§ Stored items:
-------

(* Let $\Omega$ be a topological Hausdorff space, $\mathcal{FV}(\Omega)$ a dom-space and $T\colon\mathcal{FV}(\Omega)\to\mathcal{C}(\Omega)$ linear. Then the map $\delta\circ T\colon\Omega\to\mathcal{FV}(\Omega)'_\gamma$, $x\mapsto\delta_x\circ T$, is well-defined and continuous in each of the following cases: (i) $\Omega$ is a $k_{\mathbb{R}}$-space and $T\colon\mathcal{FV}(\Omega)\to\mathcal{CW}(\Omega)$ is continuous; (ii) $T$ maps into $\mathcal{C}_b(\Omega)$ and $T\colon\mathcal{FV}(\Omega)\to\mathcal{C}_b(\Omega)$ is continuous.
   Context: $\mathbb{K}\in\{\mathbb{R},\mathbb{C}\}$. $\mathcal{CW}(\Omega)$: continuous $\mathbb{K}$-valued functions with the topology of uniform convergence on compact subsets; $\mathcal{C}_b(\Omega)$: bounded continuous $\mathbb{K}$-valued functions with the topology of uniform convergence on $\Omega$. A completely regular space $\Omega$ is a $k_{\mathbb{R}}$-space if every map from $\Omega$ into a completely regular space whose restriction to each compact subset is continuous is continuous. $\mathcal{FV}(\Omega)'_\gamma$: dual with the topology of uniform convergence on precompact subsets. $(\delta_x\circ T)(f):=T(f)(x)$. Framework: $J,M$ non-empty index sets, $(\omega_m)_{m\in M}$ non-empty sets, $\nu_{j,m}\colon\omega_m\to[0,\infty)$ such that for all $m$, $x\in\omega_m$ some $\nu_{j,m}(x)>0$; $\operatorname{AP}(\Omega)\subset\mathbb{K}^\Omega$ a linear subspace; $T_m\colon\operatorname{dom}T_m\to\mathbb{K}^{\omega_m}$ linear maps on linear subspaces of $\mathbb{K}^\Omega$; $\mathcal{FV}(\Omega):=\{f\in\operatorname{AP}(\Omega)\cap\bigcap_m\operatorname{dom}T_m: |f|_{j,m}:=\sup_{x\in\omega_m}|T_m(f)(x)|\nu_{j,m}(x)<\infty\ \forall j,m\}$ with these seminorms. It is a dom-space if it is Hausdorff, the seminorms are directed and every $\delta_x\colon f\mapsto f(x)$ belongs to $\mathcal{FV}(\Omega)'$. *)

From Stdlib Require List.
From HB Require Import structures.
From mathcomp Require Import all_boot all_algebra all_classical all_reals all_analysis.
From mathcomp Require Import complex.
Set Implicit Arguments. Unset Strict Implicit. Unset Printing Implicit Defensive.
Import GRing.Theory Num.Theory numFieldTopology.Exports numFieldNormedType.Exports.
Local Open Scope ring_scope.
Local Open Scope classical_set_scope.

(** The scalar field: [KK R true] is the real field R, [KK R false] is the
    complex field R[i] (i.e. 𝕂 ∈ {ℝ, ℂ}). *)
Definition KK (R : realType) (b : bool) : numFieldType :=
  if b then (R : numFieldType) else (R[i] : numFieldType).

(** The maps T_m
    are represented as total functions, only their values on dom T_m matter. *)
Unset Implicit Arguments.
Record FVdata (K : numFieldType) (Omega : Type) := FVData {
  fv_J : Type;
  fv_M : Type;
  fv_om : fv_M -> Type;
  fv_nu : fv_J -> forall m : fv_M, fv_om m -> K;
  fv_AP : set (Omega -> K);
  fv_dom : fv_M -> set (Omega -> K);
  fv_T : forall m : fv_M, (Omega -> K) -> fv_om m -> K }.
Arguments fv_J {K Omega} _ : assert.
Arguments fv_M {K Omega} _ : assert.
Arguments fv_om {K Omega} _ m : assert.
Arguments fv_nu {K Omega} _ j m x : assert.
Arguments fv_AP {K Omega} _ _ : assert.
Arguments fv_dom {K Omega} _ m _ : assert.
Arguments fv_T {K Omega} _ m f x : assert.
Set Implicit Arguments.

Section FV.
Variables (K : numFieldType) (Omega : Type) (D : FVdata K Omega).

Definition lin_subspace (S : set (Omega -> K)) :=
  S (fun _ => 0) /\
  forall (a : K) f g, S f -> S g -> S (fun y => a * f y + g y).

Definition framework :=
  inhabited (fv_J D) /\ inhabited (fv_M D) /\
  (forall m, inhabited (fv_om D m)) /\
  (forall j m x, 0 <= fv_nu D j m x) /\
  (forall m x, exists j, 0 < fv_nu D j m x) /\
  lin_subspace (fv_AP D) /\
  (forall m, lin_subspace (fv_dom D m)) /\
  (forall m (a : K) f g, fv_dom D m f -> fv_dom D m g ->
     fv_T D m (fun y => a * f y + g y) = (fun x => a * fv_T D m f x + fv_T D m g x)).

(** [snle j m f c] : |f|_{j,m} = sup_{x ∈ ω_m} |T_m(f)(x)| ν_{j,m}(x) <= c. *)
Definition snle (j : fv_J D) (m : fv_M D) (f : Omega -> K) (c : K) :=
  forall x : fv_om D m, `|fv_T D m f x| * fv_nu D j m x <= c.

Definition FV : set (Omega -> K) :=
  [set f | fv_AP D f /\ (forall m, fv_dom D m f) /\
           (forall j m, exists c : K, snle j m f c)].

Definition fsub (f g : Omega -> K) : Omega -> K := fun y => f y - g y.

(** [lc_nbhs f0 P] : P holds on a neighbourhood of f0 in FV(Ω) for the
    locally convex topology induced by the seminorms |.|_{j,m}; the basic
    neighbourhoods are finite intersections of seminorm balls. *)
Definition lc_nbhs (f0 : Omega -> K) (P : (Omega -> K) -> Prop) :=
  exists (s : seq (fv_J D * fv_M D)) (d : K), 0 < d /\
    forall f, FV f -> (forall p, Stdlib.Lists.List.In p s -> snle p.1 p.2 (fsub f f0) d) -> P f.

Definition lc_continuous (phi : (Omega -> K) -> K) :=
  forall f0, FV f0 -> forall e : K, 0 < e ->
    lc_nbhs f0 (fun f => `|phi f - phi f0| <= e).

Definition is_linear_on (phi : (Omega -> K) -> K) :=
  forall (a : K) f g, FV f -> FV g -> phi (fun y => a * f y + g y) = a * phi f + phi g.

Definition dom_space :=
  (forall f, FV f -> (forall j m, snle j m f 0) -> f = (fun _ => 0)) /\
  (forall j1 m1 j2 m2, exists j3 m3 (C : K), 0 < C /\
     forall f, FV f -> forall c, snle j3 m3 f c ->
       snle j1 m1 f (C * c) /\ snle j2 m2 f (C * c)) /\
  (forall x : Omega, is_linear_on (fun f => f x) /\ lc_continuous (fun f => f x)).

Definition fv_precompact (B : set (Omega -> K)) :=
  B `<=` FV /\
  forall (s : seq (fv_J D * fv_M D)) (d : K), 0 < d ->
    exists F : seq (Omega -> K), (forall g, Stdlib.Lists.List.In g F -> FV g) /\
      forall b, B b -> exists g, Stdlib.Lists.List.In g F /\
        forall p, Stdlib.Lists.List.In p s -> snle p.1 p.2 (fsub b g) d.

End FV.

Definition kR_space (R : realType) (Omega : topologicalType) :=
  completely_regular_space Omega /\
  forall (Y : topologicalType), completely_regular_space Y ->
    forall f : Omega -> Y,
      (forall C : set Omega, compact C -> {within C, continuous f}) ->
      continuous f.

From HB Require Import structures.
From mathcomp Require Import all_boot all_algebra all_classical all_reals all_analysis.
From mathcomp Require Import complex ring.
Import mathcomp.order.order.Order.TTheory GRing.Theory Num.Theory numFieldTopology.Exports numFieldNormedType.Exports.
Set Implicit Arguments. Unset Strict Implicit. Unset Printing Implicit Defensive.
Local Open Scope ring_scope.
Local Open Scope classical_set_scope.

(* Each [δ_x ∘ T] is continuous because [T] is continuous into a topology
   finer than pointwise convergence.  For a precompact [B], pick a seminorm
   neighbourhood [U] of 0 that [T] maps into the [e/3]-ball of the supremum
   norm (on Ω in case (ii), on a compact [C] in case (i)) and cover [B] by
   finitely many translates [g + U]; continuity of the finitely many [T g]
   makes [{T f | f ∈ B}] equicontinuous (on [C]).  This is continuity of
   [x ↦ δ_x ∘ T] for uniform convergence on [B]; in case (i) it holds on each
   compact set, and the k_R-property upgrades it to continuity on Ω, the
   space of functions with uniform convergence on [B] being completely
   regular. *)

Definition linear_on (K : numFieldType) (U V : Type) (S : set (U -> K))
    (h : (U -> K) -> V -> K) :=
  forall (a : K) f g, S f -> S g ->
    h (fun y => a * f y + g y) = (fun x => a * h f x + h g x).

Section LinearOn.
Variables (K : numFieldType) (U V : Type) (S : set (U -> K)).
Variable h : (U -> K) -> V -> K.
Hypotheses (S0 : S (fun _ => 0)) (h_lin : linear_on S h).

Lemma linear_on0 : h (fun _ => 0) = (fun _ => 0).
Proof.
apply: funext => x; have := congr1 (fun k => k x) (h_lin 1 S0 S0).
have -> : (fun _ : U => 1 * 0 + 0) = (fun _ => 0 : K).
  by apply: funext => y; rewrite mul1r addr0.
by rewrite /= mul1r => /(congr1 (fun k => k - h (fun _ => 0) x)); rewrite subrr addrK.
Qed.

Lemma fsubE (f g : U -> K) : fsub f g = (fun y => -1 * g y + f y).
Proof. by apply: funext => y; rewrite /fsub mulN1r addrC. Qed.

Lemma linear_on_sub f g : S f -> S g -> h (fsub f g) = (fun x => h f x - h g x).
Proof.
by move=> Sf Sg; rewrite fsubE h_lin //; apply: funext => x; rewrite mulN1r addrC.
Qed.

End LinearOn.

Lemma fsubr0 (K : numFieldType) (U : Type) (f : U -> K) : fsub f (fun _ => 0) = f.
Proof. by apply: funext => y; rewrite /fsub subr0. Qed.

Section FVSpace.
Variables (K : numFieldType) (Omega : Type) (D : FVdata K Omega).
Hypothesis HD : framework D.

Lemma FV0 : FV D (fun _ => 0).
Proof.
have [_ [_ [_ [_ [_ [[AP0 _] [dom_sub T_lin]]]]]]] := HD.
split=> //; split=> [m|j m]; first by case: (dom_sub m).
exists 0 => x; rewrite (linear_on0 (proj1 (dom_sub m)) (T_lin m)).
by rewrite normr0 mul0r.
Qed.

Lemma FV_comb (a : K) f g : FV D f -> FV D g -> FV D (fun y => a * f y + g y).
Proof.
have [_ [_ [_ [nu_ge0 [_ [[_ AP_comb] [dom_sub T_lin]]]]]]] := HD.
move=> [APf [domf snf]] [APg [domg sng]].
split; first exact: AP_comb.
split=> [m|j m]; first exact: (proj2 (dom_sub m)).
have [c1 Hc1] := snf j m; have [c2 Hc2] := sng j m.
exists (`|a| * c1 + c2) => x; rewrite T_lin //.
apply: le_trans (ler_wpM2r (nu_ge0 _ _ _) (ler_normD _ _)) _.
rewrite normrM mulrDl -mulrA; apply: lerD; last exact: Hc2.
by apply: ler_wpM2l; [exact: normr_ge0 | exact: Hc1].
Qed.

Lemma FV_sub f g : FV D f -> FV D g -> FV D (fsub f g).
Proof. by move=> FVf FVg; rewrite fsubE; apply: FV_comb. Qed.

Lemma lc_nbhsS f0 (P Q : (Omega -> K) -> Prop) :
  lc_nbhs D f0 P -> (forall f, FV D f -> P f -> Q f) -> lc_nbhs D f0 Q.
Proof.
move=> [s [d [d_gt0 sdP]]] PQ; exists s, d; split=> // f FVf fs.
by apply: PQ => //; apply: sdP.
Qed.

End FVSpace.

Lemma near_forall_In (T : Type) (F : set_system T) (FF : Filter F) (I : Type)
    (s : seq I) (P : I -> T -> Prop) :
  (forall i, List.In i s -> \forall x \near F, P i x) ->
  \forall x \near F, forall i, List.In i s -> P i x.
Proof.
elim: s => [|i s IHs] Ps; first by apply: filterE => x i [].
apply: filterS2 (Ps i (or_introl erefl)) (IHs (fun j sj => Ps j (or_intror sj))).
by move=> x Pix Psx j [<-|sj] //; exact: Psx.
Qed.

Section Equicontinuity.
Variables (K : numFieldType) (Omega : topologicalType) (D : FVdata K Omega).
Hypothesis HD : framework D.
Variable T : (Omega -> K) -> Omega -> K.
Hypotheses (T_lin : linear_on (FV D) T) (T_cont : forall f, FV D f -> continuous (T f)).

Lemma precompact_equicontinuous_on (A : set Omega) :
  (forall e : K, 0 < e -> lc_nbhs D (fun _ => 0)
     (fun f => forall x, A x -> `|T f x - T (fun _ => 0) x| <= e)) ->
  forall B, fv_precompact D B -> forall e : K, 0 < e -> forall x0, A x0 ->
  \forall x \near x0, A x -> forall f, B f -> `|T f x - T f x0| <= e.
Proof.
move=> T_small B [B_FV B_net] e e_gt0 x0 Ax0.
have e3_gt0 : 0 < e / 3 by rewrite divr_gt0 // ltr0n.
have [s [d [d_gt0 sdT]]] := T_small _ e3_gt0.
have [G [G_FV G_net]] := B_net s d d_gt0.
have near_G : \forall x \near x0, forall g, List.In g G -> `|T g x0 - T g x| <= e / 3.
  apply: near_forall_In => g Gg.
  exact: (cvgr_dist_le _ _ (@T_cont g (G_FV g Gg) x0) _ e3_gt0).
apply: filterS near_G => x near_Gx Ax f Bf.
have [g [Gg fg]] := G_net f Bf.
have FVf := B_FV f Bf; have FVg := G_FV g Gg.
have FVfg : FV D (fsub f g) := FV_sub HD FVf FVg.
have T_fg y : A y -> `|T f y - T g y| <= e / 3.
  move=> Ay; have := sdT _ FVfg _ y Ay.
  rewrite (linear_on0 (FV0 HD) T_lin) subr0 (linear_on_sub T_lin) //; apply.
  by move=> p sp; rewrite fsubr0; apply: fg.
have -> : T f x - T f x0 = (T f x - T g x) - (T f x0 - T g x0) + (T g x - T g x0)
  by ring.
have -> : e = e / 3 + e / 3 + e / 3 by field.
apply: le_trans (ler_normD _ _) _; apply: lerD; last by rewrite distrC near_Gx.
apply: le_trans (ler_normB _ _) _.
by apply: lerD; apply: T_fg.
Qed.

End Equicontinuity.

Section UniformFamily.
Variables (K : numFieldType) (Omega : topologicalType) (I : choiceType).
Variables (B : set I) (F : I -> Omega -> K).

Definition eval_family (x : Omega) : {uniform` B -> K} := fun i => F i x.

Lemma equicontinuous_within_eval_family (C : set Omega) :
  (forall e : K, 0 < e -> forall x0, C x0 ->
     \forall x \near x0, C x -> forall i, B i -> `|F i x - F i x0| <= e) ->
  {within C, continuous eval_family}.
Proof.
move=> equi; apply/subspace_continuousP => x0 Cx0 P /uniform_nbhs [E [entE EP]].
rewrite -entourage_ballE in entE; case: entE => eps eps_gt0 epsE.
have eps2_gt0 : 0 < eps / 2 by rewrite divr_gt0 // ltr0n.
apply: filterS (equi _ eps2_gt0 _ Cx0) => x near_x Cx.
apply: EP => i Bi; apply: epsE; rewrite /= -ball_normE /= distrC.
apply: le_lt_trans (near_x Cx i Bi) _.
by rewrite ltr_pdivrMr ?ltr0n // ltr_pMr ?ltr1n.
Qed.

Lemma continuous_eval_family_equicontinuous : continuous eval_family ->
  forall e : K, 0 < e -> forall x0,
  \forall x \near x0, forall i, B i -> `|F i x - F i x0| <= e.
Proof.
move=> cont e e_gt0 x0.
have near_x0 : nbhs (eval_family x0)
    [set h : {uniform` B -> K} | forall i, B i -> `|h i - F i x0| <= e].
  apply/uniform_nbhs; exists [set xy | ball xy.1 e xy.2]; split.
    by rewrite -entourage_ballE; exists e.
  by move=> h ball_h i Bi; have := ball_h i Bi; rewrite -ball_normE /= distrC => /ltW.
exact: cont x0 _ near_x0.
Qed.

Lemma kR_space_equicontinuous (R : realType) : kR_space R Omega ->
  (forall C, compact C -> forall e : K, 0 < e -> forall x0, C x0 ->
     \forall x \near x0, C x -> forall i, B i -> `|F i x - F i x0| <= e) ->
  forall e : K, 0 < e -> forall x0,
  \forall x \near x0, forall i, B i -> `|F i x - F i x0| <= e.
Proof.
move=> [_ kR] equi; apply: continuous_eval_family_equicontinuous.
apply: kR; first exact: uniform_completely_regular.
by move=> C cC; apply: equicontinuous_within_eval_family; apply: equi.
Qed.

End UniformFamily.

Theorem lemma4p2 (R : realType) (b : bool) (Omega : topologicalType)
  (D : FVdata (KK R b) Omega)
  (T : (Omega -> KK R b) -> (Omega -> KK R b)) :
  hausdorff_space Omega ->
  framework D -> dom_space D ->
  (* T : FV(Ω) -> C(Ω) linear *)
  (forall (a : KK R b) f g, FV D f -> FV D g ->
     T (fun y => a * f y + g y) = (fun x => a * T f x + T g x)) ->
  (forall f, FV D f -> continuous (T f)) ->
  ( (* (i) *)
    (kR_space R Omega /\
     forall f0, FV D f0 -> forall C : set Omega, compact C ->
       forall e : KK R b, 0 < e ->
         lc_nbhs D f0 (fun f => forall x, C x -> `|T f x - T f0 x| <= e))
  \/ (* (ii) *)
    ((forall f, FV D f -> exists c : KK R b, forall x, `|T f x| <= c) /\
     forall f0, FV D f0 -> forall e : KK R b, 0 < e ->
       lc_nbhs D f0 (fun f => forall x, `|T f x - T f0 x| <= e)) ) ->
  (* δ_x ∘ T ∈ FV(Ω)' for every x *)
  (forall x : Omega,
     is_linear_on D (fun f => T f x) /\ lc_continuous D (fun f => T f x)) /\
  (* x ↦ δ_x ∘ T is continuous into FV(Ω)'_γ *)
  (forall B, fv_precompact D B -> forall e : KK R b, 0 < e ->
     forall x0 : Omega, \forall x \near x0, forall f, B f -> `|T f x - T f x0| <= e).
Proof.
move=> _ HD _ T_lin T_cont cases.
have equi := precompact_equicontinuous_on HD T_lin T_cont.
split=> [x|B B_pc e e_gt0 x0].
  split=> [a f g FVf FVg|f0 FVf0 e e_gt0]; first by rewrite T_lin.
  case: cases => [[_ T_cont_C]|[_ T_cont_sup]].
    apply: lc_nbhsS (T_cont_C f0 FVf0 [set x] (@compact_set1 _ x) e e_gt0) _.
    by move=> f _; apply.
  by apply: lc_nbhsS (T_cont_sup f0 FVf0 e e_gt0) _ => f _; apply.
case: cases => [[kR T_cont_C]|[_ T_cont_sup]].
  apply: (kR_space_equicontinuous kR) e_gt0 x0 => C cC e' e'_gt0 x1 Cx1.
  have H := equi _ (T_cont_C _ (FV0 HD) C cC) B B_pc e' e'_gt0 x1 Cx1.
  by apply: filterS H => x near_x Cx f Bf; apply: near_x.
have T_small e' : 0 < e' -> lc_nbhs D (fun _ => 0)
    (fun f => forall x, [set: Omega] x -> `|T f x - T (fun _ => 0) x| <= e').
  by move=> e'_gt0; apply: lc_nbhsS (T_cont_sup _ (FV0 HD) e' e'_gt0) _ => f _ T_f x _.
have := equi _ T_small B B_pc e e_gt0 x0 I.
by apply: filterS => x near_x f Bf; apply: near_x.
Qed.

-------

§ Problem statement: Find "last" in the preceding records. Copy each line that holds it.

§ Task answer:
rewrite normrM mulrDl -mulrA; apply: lerD; last exact: Hc2.
apply: le_trans (ler_normD _ _) _; apply: lerD; last by rewrite distrC near_Gx.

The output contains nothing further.